───── DATA EXTRACT ─────
Lemma mirror_split a a' : mirror s e a -> mirror s e a' -> a < a' -> a + e < 2 * a' ->
  let P := sub S (a + e - a').+1 a' in
  [/\ pal P, P != [::], last x0 P = s a' &
      sub S a.+1 e = sub S a'.+1 e ++ P ++ sub S a'.+1 e].
Proof.
move=> ma ma' aa' doubled P.
have /andP [/andP [a0 ae] pa] := ma; have /andP [/andP [a'0 a'e] pa'] := ma'.
split.
- by rewrite /P (pal_subE x0); [apply: (palf_concentric pa) | ..]; lia.
- by rewrite /P -size_eq0 size_sub; lia.
- by rewrite /P last_sub //; lia.
rewrite /P !(sub_map x0); try lia.
have -> : e.+1 - a.+1 = (e - a') + ((2 * a' - a - e) + (e - a')) by lia.
rewrite !iotaD !map_cat; congr (_ ++ (_ ++ _)); try by congr (map s (iota _ _)); lia.
apply: map_iota_shift => k k_lt.
by rewrite (mirror_period ma ma' (ltnW aa') (i := a'.+1 + k)); [congr s | ]; lia.
Qed.

(* The last component is the induction invariant: nonempty pieces end with the
   letter of a mirror beyond [a], which keeps each new piece distinct from the
   previous ones. *)
Lemma zimin_last_mirrors r : forall a, sorted ltn (a :: r) -> all (last_mirror s e) (a :: r) ->
  exists Ps : seq (seq T), [/\ size Ps = (size r).+1, all (@pal T) Ps, uniq Ps,
    zword Ps = sub S a.+1 e &
    {in Ps, forall P, P != [::] -> exists2 b, a < b & mirror s e b /\ last x0 P = s b}].
Proof.
elim: r => [|a' r IH] a /=.
  move=> _ /andP [/andP [ma _] _]; have /andP [/andP [a0 ae] pa] := ma.
  exists [:: sub S a.+1 e]; split => //=.
  - by rewrite (pal_subE x0); lia.
  - by rewrite cats0.
  move=> P; rewrite inE => /eqP -> nonempty.
  have ae' : a < e by move: nonempty; rewrite -size_eq0 size_sub; lia.
  by exists e => //; rewrite mirror_top ?last_sub //; lia.
case/andP=> aa' sorted_r /andP [la lr].
have [Ps [size_Ps pal_Ps uniq_Ps zword_Ps lasts_Ps]] := IH a' sorted_r lr.
have ma := (andP la).1; have la' := (andP lr).1; have ma' := (andP la').1.
have [pal_P nonempty_P last_P split_P] :=
  mirror_split ma ma' aa' (mirror_doubling ma la' aa').
set P := sub S (a + e - a').+1 a' in pal_P nonempty_P last_P split_P.
exists (P :: Ps); split => /=.
- by rewrite size_Ps.
- by rewrite pal_P pal_Ps.
- rewrite uniq_Ps andbT; apply/negP => /lasts_Ps /(_ nonempty_P) [b a'b [mb lastb]].
  by have := last_mirror_neq la' a'b mb; rewrite -lastb last_P eqxx.
- by rewrite zword_Ps split_P.
move=> Q; rewrite inE => /orP [/eqP -> _ | /lasts_Ps lastQ /lastQ [b a'b mb]].
  by exists a'.
by exists b => //; apply: ltn_trans a'b.
Qed.

Lemma matchesZP_last_mirrors a r : sorted ltn (a :: r) -> all (last_mirror s e) (a :: r) ->
  matchesZP (size r).+1 (sub S a.+1 e).
Proof.
move=> sorted_r lr; have [Ps [? ? ? ? _]] := zimin_last_mirrors sorted_r lr.
by exists Ps.
Qed.

End ZiminPattern.

Section LexMinimalString.
Variables (S : seq nat) (e : nat).
Hypotheses (minS : lexmin S) (eS : e < size S)
  (indep : forall a, 1 <= a <= e -> ~~ palf (nth1 0 S) a e.+1).
Local Notation s := (nth1 0 S).
Local Notation r k := (last_mirrors_below s e k).

Lemma size_last_mirrors_below k : k <= s e.+1 -> size (r k) = k.
Proof.
move=> k_le; rewrite -(size_map s) -[RHS](size_iota 0); apply/eqP; rewrite eqn_leq.
have uniq_s : uniq (map s (r k)).
  exact: uniq_last_mirror_letters (uniq_last_mirrors_below _ _ _) (all_last_mirrors_below _ _ _).
rewrite (uniq_leq_size uniq_s) /=; last first.
  move=> y /mapP [a]; rewrite mem_filter => /andP [/andP [_ ska] _] ->.
  by rewrite mem_iota add0n ska.
apply: uniq_leq_size (iota_uniq 0 k) _ => y; rewrite mem_iota /= => yk.
have ys : y < s e.+1 by lia.
have [a ma say] := lexmin_mirror minS eS indep ys.
have [b lb sb] := exists_last_mirror ma.
apply/mapP; exists b; last by rewrite sb say.
rewrite mem_filter lb sb say yk mem_iota.
by case/andP: lb => /andP [/andP [b0 be] _] _; lia.
Qed.

Lemma lexmin_matchesZP : 2 <= s e.+1 ->
  exists t, 1 <= t <= e.+1 /\ matchesZP (s e.+1 - 1) (sub S t e).
Proof.
move=> s2; have := size_last_mirrors_below (leq_subr 1 (s e.+1)).
have := sorted_last_mirrors_below s e (s e.+1 - 1).
have := all_last_mirrors_below s e (s e.+1 - 1).
case: (r _) => [|a rest] /=; first lia.
move=> lr sr <-; exists a.+1; split; last exact: (@matchesZP_last_mirrors _ 0 _ _ (ltnW eS) a rest sr lr).
by case/andP: lr => /andP [/andP [/andP [a0 ae] _] _] _; lia.
Qed.

Lemma lexmin_letter_bound (T : eqType) (w : seq T) :
  manacher w = manacher S -> s e.+1 < size (undup w).
Proof.
case: w => [|w0 w'] mw; first by have := congr1 size mw; rewrite !size_manacher /=; lia.
set w := w0 :: w' in mw *; have [sw equ] := (manacher_eqP w0 0 w S).1 mw.
have ew : e < size w by rewrite sw.
set W := nth1 w0 w; set rr := r (s e.+1).
have lr : all (last_mirror W e) rr.
  apply/allP => a /(allP (all_last_mirrors_below _ _ _)) la.
  by rewrite (pal_equiv_last_mirror equ) //; lia.
have uniq_W : uniq (W e.+1 :: map W rr).
  rewrite /= (uniq_last_mirror_letters (uniq_last_mirrors_below _ _ _) lr) andbT.
  apply/mapP => [[a /(allP lr) /andP [ma _] We]].
  have /andP [/andP [a0 ae] pa] := ma.
  have := @indep a; rewrite -equ //.
  rewrite -/W palfE_ends /=; last exact: leqW.
  by rewrite We eqxx pa a0 ae => /(_ isT).
apply: leq_trans (uniq_leq_size uniq_W _); first by rewrite /= size_map size_last_mirrors_below.
move=> _ /predU1P [-> | /mapP [a /(allP lr) /andP [/andP [/andP [a0 ae] _] _] ->]];
  by rewrite mem_undup; apply: mem_nth; lia.
Qed.

End LexMinimalString.

Lemma pal_dependent_earlier (T : eqType) (x0 : T) (S : seq T) m :
  pal_dependent S m -> exists2 m', 1 <= m' < m & nth1 x0 S m' = nth1 x0 S m.
Proof.
case=> a [b /and5P [a1 ab bS + /andP [abm mb]]]; rewrite (pal_subE x0) // => /palfP pab.
by exists (a + b - m); [lia | rewrite pab; [congr nth1 | ]; lia].
Qed.

Lemma not_pal_dependent (T : eqType) (x0 : T) (S : seq T) m :
  ~ pal_dependent S m -> m <= size S -> forall a, 1 <= a < m -> ~~ palf (nth1 x0 S) a m.
Proof.
move=> indep mS a a_in; apply/negP => pam; apply: indep; exists a, m.
by rewrite (pal_subE x0) ?pam //; lia.
Qed.

Lemma lexmin_matchesZP_indep (S : seq nat) m : lexmin S -> 1 <= m <= size S ->
  ~ pal_dependent S m -> 2 <= nth1 0 S m ->
  exists t, 1 <= t <= m /\ matchesZP (nth1 0 S m - 1) (sub S t m.-1).
Proof.
case: m => [|e] // minS eS indep; apply: lexmin_matchesZP => //.
exact: not_pal_dependent indep eS.
Qed.

Lemma lexmin_undup_size (S : seq nat) (T : eqType) (w : seq T) :
  lexmin S -> manacher w = manacher S -> size (undup S) <= size (undup w).
Proof.
move=> minS mw; rewrite -(size_iota 0 (size (undup w))).
apply: uniq_leq_size (undup_uniq S) _ => x; rewrite mem_undup mem_iota /= => xS.
set e := index x S; have eS : e < size S by rewrite index_mem.
have first_x : nth1 0 S e.+1 = x by rewrite /nth1 nth_index.
have indep : ~ pal_dependent S e.+1.
  case/(pal_dependent_earlier 0) => m' m'e; rewrite first_x /nth1 => Sm'.
  have m'_lt : m'.-1 < e by lia.
  by have := before_find 0 m'_lt; rewrite /= Sm' eqxx.
rewrite -first_x; apply: (lexmin_letter_bound minS eS _ mw).
exact: not_pal_dependent indep eS.
Qed.

Theorem theorem5p1 (T0 : eqType) (w0 : seq T0) (A : seq nat) (S : seq nat) :
  manacher w0 = A ->
  manacher S = A ->
  (forall S' : seq nat, manacher S' = A -> lex_le S S') ->
  [/\ (forall i m : nat, 3 <= i -> 1 <= m <= size S ->
         nth 0 S m.-1 = i.-1 ->
         (forall m', 1 <= m' < m -> nth 0 S m'.-1 != i.-1) ->
         exists t, 1 <= t <= m /\ matchesZP (i - 2) (sub S t m.-1)),
      (forall i m : nat, 3 <= i -> 1 <= m <= size S ->
         nth 0 S m.-1 = i.-1 ->
         (exists m', 1 <= m' < m /\ nth 0 S m'.-1 = i.-1) ->
         pal_dependent S m \/
         exists t, 1 <= t <= m /\ matchesZP (i - 2) (sub S t m.-1))
    & (forall (T : eqType) (w : seq T), manacher w = A ->
         size (undup S) <= size (undup w))].
Proof.
move=> _ mS minA; have minS : lexmin S by move=> S'; rewrite mS; apply: minA.
have zimin i m : 3 <= i -> 1 <= m <= size S -> nth 0 S m.-1 = i.-1 ->
    ~ pal_dependent S m -> exists t, 1 <= t <= m /\ matchesZP (i - 2) (sub S t m.-1).
  move=> i3 m_in Sm indep; have := lexmin_matchesZP_indep minS m_in indep.
  by rewrite /nth1 Sm (_ : i.-1 - 1 = i - 2); [apply; lia | lia].
split.
- move=> i m i3 m_in Sm first; apply: zimin => // /(pal_dependent_earlier 0) [m' m'm].
  by rewrite /nth1 Sm; apply/eqP/first.
- move=> i m i3 m_in Sm _; have [dep | indep] := classic (pal_dependent S m); first by left.
  by right; apply: zimin.
- by move=> T w mw; apply: lexmin_undup_size minS _; rewrite mw mS.
Qed.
─────
> THE PROBLEM
Among the lines of the material, find those that hold the word "andbT" and copy them.

> OUTPUT
- rewrite uniq_Ps andbT; apply/negP => /lasts_Ps /(_ nonempty_P) [b a'b [mb lastb]].
  rewrite /= (uniq_last_mirror_letters (uniq_last_mirrors_below _ _ _) lr) andbT.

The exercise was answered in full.